結論テキスト
本願商標は、登録すべきものとする。
Trademark Appeal Case
本データベースは、特許庁の審決例をAIで解析・要約したものです。拒絶理由通知に対する意見書作成や、審判請求書等の作成時の参考としてお役立てください。
| 審判番号 | 不服2015−9697(T2015−9697/J1) |
|---|---|
| 審判種別 | 不服 |
| 結論 | 勝訴(請求認容) |
本願商標は、別掲1のとおりの構成からなり、第5類及び第42類に属する願書記載のとおりの商品及び役務を指定商品及び指定役務として、2014年1月24日にアメリカ合衆国においてした商標登録出願に基づきパリ条約第4条による優先権を主張して、平成26年6月13日に登録出願されたものである。
そして、その指定商品及び指定役務については、原審における同年12月26日付け及び当審における同27年5月26日付けの手続補正書により、最終的に、第5類は削除され、第42類「生物工学及び製薬の研究及び開発に関する助言及び分析,診断並びに薬物療法などの医療の研究に関する助言及び分析,受託による生物工学・製薬及び臨床試験の研究及び開発」に補正されたものである。
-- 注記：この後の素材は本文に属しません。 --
(* Let $n\ge1$ and $1\le k\le n$. Let $\alpha_k$ be the number of pairs $(P,i)$ where $P=(a_0,a_1,\dots,a_{2n})$ is a Dyck path of length $2n$ (i.e., $a_0=a_{2n}=0$, $a_j\ge0$ and $|a_j-a_{j-1}|=1$ for all $j$) and $0\le i\le 2n-1$ is an index with $a_i=k$ and $a_{i+1}=k-1$. Then \[ \alpha_k=\binom{2n}{n-k}-\binom{2n}{n-k-1}, \] with the convention $\binom{2n}{-1}=0$. *)

From mathcomp Require Import all_boot all_order all_algebra.
Set Implicit Arguments. Unset Strict Implicit. Unset Printing Implicit Defensive.

(* Heights of a Dyck path are automatically <= 2n, so no generality is lost.
   Heights are natural numbers, so a_j >= 0 holds by typing. *)
Definition path_ty (n : nat) := {ffun 'I_(2 * n).+1 -> 'I_(2 * n).+1}.

(* value of the path at position j (0 if j is out of range; never used there) *)
Definition hgt n (a : path_ty n) (j : nat) : nat :=
  match insub j with Some j' => nat_of_ord (a j') | None => 0 end.

Definition is_dyck n (a : path_ty n) : bool :=
  [&& hgt a 0 == 0, hgt a (2 * n) == 0 &
      [forall j : 'I_(2 * n), (hgt a j.+1 == (hgt a j).+1) || (hgt a j == (hgt a j.+1).+1)]].

Definition alpha (n k : nat) : nat :=
  #|[set Pi : path_ty n * 'I_(2 * n) |
      [&& is_dyck Pi.1, hgt Pi.1 Pi.2 == k & hgt Pi.1 Pi.2.+1 == k.-1]]|.

Definition binomZ (m : nat) (j : int) : int :=
  match j with Posz j' => ('C(m, j'))%:Z | Negz _ => 0 end.

(* Let W(m, d) be the number of walks with m steps +-1 and displacement d, so
   that W(m, m - 2j) = C(m, j).  By the reflection principle, the nonnegative
   walks of length m from height h down to 0 number W(m, h) - W(m, h + 2), and
   summing over them the number of descents k -> k-1 gives
   W(m, max(h, 2k - h)) - W(m, 2k + h + 2).  Both formulas are proved by
   induction on m, splitting off the first step; a first step h -> h - 1 with
   h = k contributes one descent for each walk counted by the first formula.
   For h = 0 and m = 2n this is W(2n, 2k) - W(2n, 2k + 2), i.e. the claimed
   difference of binomial coefficients. *)

From mathcomp Require Import all_boot all_order all_algebra.
From mathcomp Require Import zify ring.
Import GRing.Theory.

Set Implicit Arguments.
Unset Strict Implicit.
Unset Printing Implicit Defensive.

Fixpoint nwalks (m : nat) (d : int) : nat :=
  if m is m'.+1 then nwalks m' (d - 1)%R + nwalks m' (d + 1)%R else (d == 0%R).

Lemma nwalksN m d : nwalks m (- d)%R = nwalks m d.
Proof.
elim: m d => [|m IH] d /=; first by rewrite oppr_eq0.
have -> : (- d - 1 = - (d + 1))%R by ring.
have -> : (- d + 1 = - (d - 1))%R by ring.
by rewrite !IH addnC.
Qed.

Lemma nwalks_gt m d : (m%:Z < d)%R -> nwalks m d = 0.
Proof.
elim: m d => [|m IH] d /= lt_md; first by apply/eqP; lia.
by rewrite !IH //; lia.
Qed.

Lemma nwalks_bin m j : nwalks m (m%:Z - 2 * j%:Z)%R = 'C(m, j).
Proof.
elim: m j => [|m IH] [|j] //=.
  have -> : (m.+1%:Z - 2 * 0%:Z - 1 = m%:Z - 2 * 0%:Z)%R by lia.
  by rewrite IH nwalks_gt ?bin0 //; lia.
have -> : (m.+1%:Z - 2 * j.+1%:Z - 1 = m%:Z - 2 * j.+1%:Z)%R by lia.
have -> : (m.+1%:Z - 2 * j.+1%:Z + 1 = m%:Z - 2 * j%:Z)%R by lia.
by rewrite !IH binS addnC.
Qed.

Lemma nwalksSS m d : nwalks m.+1 d.+1 = nwalks m d + nwalks m d.+2.
Proof. by rewrite /=; congr (nwalks m _ + nwalks m _); lia. Qed.

Definition unit_step : rel nat := fun x y => (y == x.+1) || (x == y.+1).

Fixpoint walks (m h : nat) : seq (seq nat) :=
  if m is m'.+1 then
    [seq h.+1 :: t | t <- walks m' h.+1] ++
    (if h is h'.+1 then [seq h' :: t | t <- walks m' h'] else [::])
  else [:: [::]].

Lemma mem_map_cons (T : eqType) (y x : T) s L :
  (x :: s \in [seq y :: t | t <- L]) = (x == y) && (s \in L).
Proof.
apply/mapP/andP => [[t Lt [-> ->]]|[/eqP -> Ls]]; first by rewrite eqxx.
by exists s.
Qed.

Lemma nil_map_cons (T : eqType) (y : T) L : ([::] \in [seq y :: t | t <- L]) = false.
Proof. by apply/mapP => -[]. Qed.

Lemma mem_walks m h t : (t \in walks m h) = (size t == m) && path unit_step h t.
Proof.
elim: m h t => [|m IH] h [|x t] //=; rewrite mem_cat.
  by case: h => [|h]; rewrite /= !nil_map_cons.
rewrite eqSS mem_map_cons IH [unit_step h x]/unit_step.
case: h => [|h] /=; rewrite ?in_nil ?mem_map_cons ?IH ?eqSS ?orbF.
  by case: (x =P 1) => [->|_] //=; rewrite andbF.
rewrite [h == x]eq_sym; case: (x =P h.+2) => [->|_].
  by rewrite (_ : h.+2 == h = false) ?andbF ?orbF //; lia.
by case: (x =P h) => [->|] //=; rewrite andbF.
Qed.

Lemma uniq_walks m h : uniq (walks m h).
Proof.
elim: m h => [|m IH] h //=.
rewrite cat_uniq map_inj_uniq ?IH; last by move=> s t [].
case: h => [|h] //=.
rewrite map_inj_uniq ?IH ?andbT; last by move=> s t [].
by apply/hasPn => _ /mapP [t _ ->]; rewrite mem_map_cons; lia.
Qed.

Fixpoint ndown (k p : nat) (t : seq nat) : nat :=
  if t is x :: t' then ((p == k) && (x == k.-1)) + ndown k x t' else 0.

Lemma ndown_nth k p t :
  ndown k p t = \sum_(i < size t) ((nth 0 (p :: t) i == k) && (nth 0 (p :: t) i.+1 == k.-1)).
Proof.
by elim: t p => [|x t IH] p /=; rewrite ?big_ord0 // big_ord_recl IH.
Qed.

Definition nexcursions m h := \sum_(t <- walks m h | last h t == 0) 1.

Definition ndown_excursions k m h := \sum_(t <- walks m h | last h t == 0) ndown k h t.

Lemma nexcursions0 h : nexcursions 0 h = (h == 0).
Proof. by rewrite /nexcursions big_mkcond big_seq1; case: (h == 0). Qed.

Lemma nexcursionsS m h :
  nexcursions m.+1 h = nexcursions m h.+1 + (if h is h'.+1 then nexcursions m h' else 0).
Proof. by rewrite /nexcursions big_cat big_map; case: h => [|h]; rewrite ?big_nil ?big_map. Qed.

Lemma ndown_excursions0 k h : ndown_excursions k 0 h = 0.
Proof. by rewrite /ndown_excursions big_mkcond big_seq1 if_same. Qed.

Lemma ndown_excursionsS k m h : 0 < k ->
  ndown_excursions k m.+1 h = ndown_excursions k m h.+1 +
    (if h is h'.+1 then ndown_excursions k m h' + (h == k) * nexcursions m h' else 0).
Proof.
move=> k_gt0; rewrite /ndown_excursions big_cat big_map /=; congr (_ + _).
  by apply: eq_bigr => t _; rewrite (_ : (h == k) && _ = false) //; lia.
case: h => [|h]; rewrite ?big_nil // big_map /= /nexcursions big_distrr -big_split /=.
apply: eq_bigr => t _; rewrite addnC muln1; congr (_ + _).
by case: (h.+1 =P k) => [<-|]; rewrite ?eqxx.
Qed.

Lemma nexcursions_reflection m h :
  ((nexcursions m h)%:Z = (nwalks m h)%:Z - (nwalks m h.+2)%:Z)%R.
Proof.
elim: m h => [|m IH] h; first by rewrite nexcursions0; case: h.
rewrite nexcursionsS nwalksSS; case: h => [|h]; last by rewrite nwalksSS !PoszD IH IH; ring.
have -> : (nwalks m.+1 0 = nwalks m 1%N + nwalks m 1%N)%N by rewrite /= sub0r nwalksN.
rewrite addn0 IH; lia.
Qed.

Lemma ndown_excursions_reflection k m h : 0 < k ->
  ((ndown_excursions k m h)%:Z =
    (nwalks m (maxn h (2 * k - h))%N)%:Z - (nwalks m ((2 * k + h).+2)%N)%:Z)%R.
Proof.
move=> k_gt0; elim: m h => [|m IH] h.
  by rewrite ndown_excursions0 !nwalks_gt //; lia.
rewrite ndown_excursionsS //; case: h => [|h].
  rewrite !addn0 IH.
  have -> : maxn 0 (2 * k - 0) = (2 * k - 1).+1 by lia.
  have -> : maxn 1 (2 * k - 1) = 2 * k - 1 by lia.
  have -> : (2 * k + 1).+2 = (2 * k - 1).+4 by lia.
  have -> : (2 * k).+2 = (2 * k - 1).+3 by lia.
  by rewrite !nwalksSS; lia.
rewrite addnS nwalksSS [LHS]PoszD [in LHS]PoszD PoszM !IH nexcursions_reflection !addnS.
case: (ltngtP h.+1 k) => [lt_hk|lt_kh|<-].
- have -> : maxn h.+1 (2 * k - h.+1) = (2 * k - h.+2).+1 by lia.
  have -> : maxn h.+2 (2 * k - h.+2) = 2 * k - h.+2 by lia.
  have -> : maxn h (2 * k - h) = (2 * k - h.+2).+2 by lia.
  by rewrite nwalksSS; lia.
- have -> : maxn h.+1 (2 * k - h.+1) = h.+1 by lia.
  have -> : maxn h.+2 (2 * k - h.+2) = h.+2 by lia.
  have -> : maxn h (2 * k - h) = h by lia.
  by rewrite nwalksSS; lia.
- have -> : maxn h.+1 (2 * h.+1 - h.+1) = h.+1 by lia.
  have -> : maxn h.+2 (2 * h.+1 - h.+2) = h.+2 by lia.
  have -> : maxn h (2 * h.+1 - h) = h.+2 by lia.
  by rewrite nwalksSS; lia.
Qed.

Lemma hgtE n (P : path_ty n) j (lt_j : j < (2 * n).+1) : hgt P j = P (Ordinal lt_j).
Proof.
rewrite /hgt; case: insubP => [j' _ j'E|/negP //].
by congr (nat_of_ord (P _)); apply: val_inj.
Qed.

Lemma hgt_ord n (P : path_ty n) (j : 'I_(2 * n).+1) : hgt P j = P j.
Proof. by rewrite (hgtE P (ltn_ord j)); congr (nat_of_ord (P _)); apply: val_inj. Qed.

Definition heights n (P : path_ty n) := [seq hgt P j | j <- iota 1 (2 * n)].

Lemma size_heights n (P : path_ty n) : size (heights P) = 2 * n.
Proof. by rewrite size_map size_iota. Qed.

Lemma nth_heights n (P : path_ty n) i : i < 2 * n -> nth 0 (heights P) i = hgt P i.+1.
Proof. by move=> lt_i; rewrite (nth_map 0) ?size_iota // nth_iota // add1n. Qed.

Lemma nth_dyck_heights n (P : path_ty n) i :
  is_dyck P -> i <= 2 * n -> nth 0 (0 :: heights P) i = hgt P i.
Proof.
by case/and3P=> /eqP P0 _ _; case: i => [|i] lt_i //=; rewrite nth_heights.
Qed.

Lemma dyck_heights_excursion n (P : path_ty n) :
  is_dyck P -> (heights P \in walks (2 * n) 0) && (last 0 (heights P) == 0).
Proof.
move=> dyckP; have [_ /eqP Pend /forallP Psteps] := and3P dyckP.
rewrite mem_walks size_heights eqxx (last_nth 0) size_heights nth_dyck_heights // Pend.
rewrite andbT; apply/(pathP 0) => i; rewrite size_heights => lt_i.
by rewrite nth_dyck_heights ?(ltnW lt_i) // nth_heights //; apply: (Psteps (Ordinal lt_i)).
Qed.

Lemma walk_nth_le h t i : path unit_step h t -> nth 0 (h :: t) i <= h + i.
Proof.
elim: t h i => [|x t IH] h [|i] //=; rewrite ?nth_nil ?addn0 // => /andP [step_hx walk_t].
by have := IH x i walk_t; move: step_hx => /orP [] /eqP ->; lia.
Qed.

Lemma excursion_dyck_heights n t : t \in walks (2 * n) 0 -> last 0 t == 0 ->
  exists2 P : path_ty n, is_dyck P & heights P = t.
Proof.
rewrite mem_walks => /andP [/eqP size_t walk_t] end_t.
pose P : path_ty n := [ffun j : 'I_(2 * n).+1 => inord (nth 0 (0 :: t) j)].
have hgtP j : j <= 2 * n -> hgt P j = nth 0 (0 :: t) j.
  move=> le_j; rewrite (hgtE P (le_j : j < (2 * n).+1)) ffunE inordK //.
  by rewrite ltnS (leq_trans (walk_nth_le j walk_t)).
exists P.
  apply/and3P; split; first by rewrite hgtP.
    by rewrite hgtP // -size_t -(last_nth 0).
  apply/forallP => j; rewrite !hgtP ?(ltnW (ltn_ord j)) ?ltn_ord //.
  by apply: (pathP 0 walk_t); rewrite size_t.
apply: (@eq_from_nth _ 0); rewrite size_heights ?size_t // => i lt_i.
by rewrite nth_heights // hgtP.
Qed.

Lemma dyck_heights_inj n (P Q : path_ty n) :
  is_dyck P -> is_dyck Q -> heights P = heights Q -> P = Q.
Proof.
move=> dyckP dyckQ eqPQ; apply/ffunP => j; apply: val_inj => /=.
by rewrite -!hgt_ord -!nth_dyck_heights ?eqPQ // -ltnS.
Qed.

Lemma sum_dyck_heights n (F : seq nat -> nat) :
  \sum_(P : path_ty n | is_dyck P) F (heights P) =
  \sum_(t <- walks (2 * n) 0 | last 0 t == 0) F t.
Proof.
transitivity (\sum_(t <- [seq heights P | P <- index_enum (path_ty n) & is_dyck P]) F t).
  by rewrite big_map big_filter.
rewrite -[RHS]big_filter; apply: perm_big; apply: uniq_perm.
- rewrite map_inj_in_uniq ?filter_uniq ?index_enum_uniq // => P Q.
  by rewrite !mem_filter => /andP [dyckP _] /andP [dyckQ _]; apply: dyck_heights_inj.
- by rewrite filter_uniq ?uniq_walks.
move=> t; rewrite mem_filter andbC; apply/mapP/idP.
  by case=> P; rewrite mem_filter => /andP [/dyck_heights_excursion ? _] ->.
case/andP=> walk_t end_t; have [P dyckP <-] := excursion_dyck_heights walk_t end_t.
by exists P; rewrite // mem_filter dyckP mem_index_enum.
Qed.

Lemma alpha_ndown_excursions n k : alpha n k = ndown_excursions k (2 * n) 0.
Proof.
rewrite /ndown_excursions -sum_dyck_heights.
rewrite (eq_bigr (fun P => \sum_(i < 2 * n | (hgt P i == k) && (hgt P i.+1 == k.-1)) 1)).
  by rewrite pair_big_dep /alpha -sum1_card; apply: eq_bigl => Pi; rewrite inE.
move=> P dyckP; rewrite ndown_nth size_heights [RHS]big_mkcond; apply: eq_bigr => i _.
by rewrite !nth_dyck_heights // ltnW.
Qed.

Local Open Scope ring_scope.

Theorem mainTheorem12 (n k : nat) (hn : (1 <= n)%N) (hk1 : (1 <= k)%N) (hkn : (k <= n)%N) :
  (alpha n k)%:Z = binomZ (2 * n) (n%:Z - k%:Z) - binomZ (2 * n) (n%:Z - k%:Z - 1).
Proof.
rewrite alpha_ndown_excursions ndown_excursions_reflection // max0n subn0 addn0.
have -> : n%:Z - k%:Z = (n - k)%N by lia.
have -> : Posz (2 * k) = (2 * n)%N%:Z - 2 * (n - k)%N%:Z by lia.
rewrite nwalks_bin; case: (ltnP k n) => [lt_kn|le_nk].
  have -> : (n - k)%N%:Z - 1 = (n - k.+1)%N by lia.
  have -> : Posz (2 * k).+2 = (2 * n)%N%:Z - 2 * (n - k.+1)%N%:Z by lia.
  by rewrite nwalks_bin.
rewrite (_ : n - k = 0)%N ?nwalks_gt //; lia.
Qed.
原査定において、本願商標が商標法第4条第1項第11号に該当するとして本願の拒絶の理由に引用した国際登録第1158307号商標(以下「引用商標」という。)は、別掲2のとおりの構成からなり、2012年9月14日にEuropean Unionにおいてした商標登録出願に基づいてパリ条約第4条による優先権を主張し、2013年(平成25年)3月14日に国際商標登録出願、第16類、第35類、第38類、第41類及び第42類に属する国際登録に基づく商標権に係る商標登録原簿に記載のとおりの商品及び役務を指定商品及び指定役務として、平成26年10月17日に設定登録され、現に有効に存続しているものである。
原査定は、「本願商標は、引用商標と『フォーラム』の称呼及び『集会所』又は『公開討論会』の観念を同一にする類似の商標であって、同一又は類似の役務について使用をするものであるから、商標法第4条第1項第11号に該当する。」旨認定、判断し、本願を拒絶したものである。
引用商標は、別掲2のとおり、図形と、「The Consumer Goods」と「FORUM」の欧文字を二段に書した右側の文字部分(以下「引用商標の右側の文字部分」という。)及び「The Global Network Serving Shopper & Consumer Needs」の欧文字を書した下段の文字部分からなるものである。
そして、引用商標の右側の文字部分は、上段と下段の文字の大きさは異なるものの、外観上まとまりよく表されており、これから生じる「ザコンシューマーグッズフォーラム」の称呼もよどみなく一連に称呼し得るものである。
また、引用商標の右側の文字部分の構成中、「The Consumer Goods」の文字は、「消費者向け商品」を意味する英語と認められ、「FORUM」の文字は、「フォーラム、公開討論会」等の意味を有する親しまれた英語であって、「○○ FORUM」のように既成の語の末尾に配され、「○○に関するフォーラム」というような意味合いを表すものとして広く一般に用いられているものであるから、該文字部分全体として「消費者向け商品に関するフォーラム」程の意味合いを理解させるものとみるのが相当である。
そうすると、引用商標の右側の文字部分は、上記構成、称呼及び意味合いにおいては、これに接する取引者、需要者が「FORUM」の文字に着目し、当該文字から生じる称呼及び観念のみをもって取引に資するというよりは、その構成全体をもって一体不可分のものと認識し、把握するとみるのが自然であり、他に、「FORUM」の文字部分のみが独立して認識されるとみるべき特段の事情も見いだせない。
したがって、引用商標の構成中「FORUM」の文字部分を分離、抽出し、その上で「フォーラム」の称呼及び「集会所」又は「公開討論会」の観念を生じるとし、これを前提に、本願商標と引用商標が称呼及び観念を同一にする類似の商標として、本願商標を商標法第4条第第1項第11号に該当するとした原査定は、妥当ではなく、取消しを免れない。
その他、本願について拒絶の理由を発見しない。
よって、結論のとおり審決する。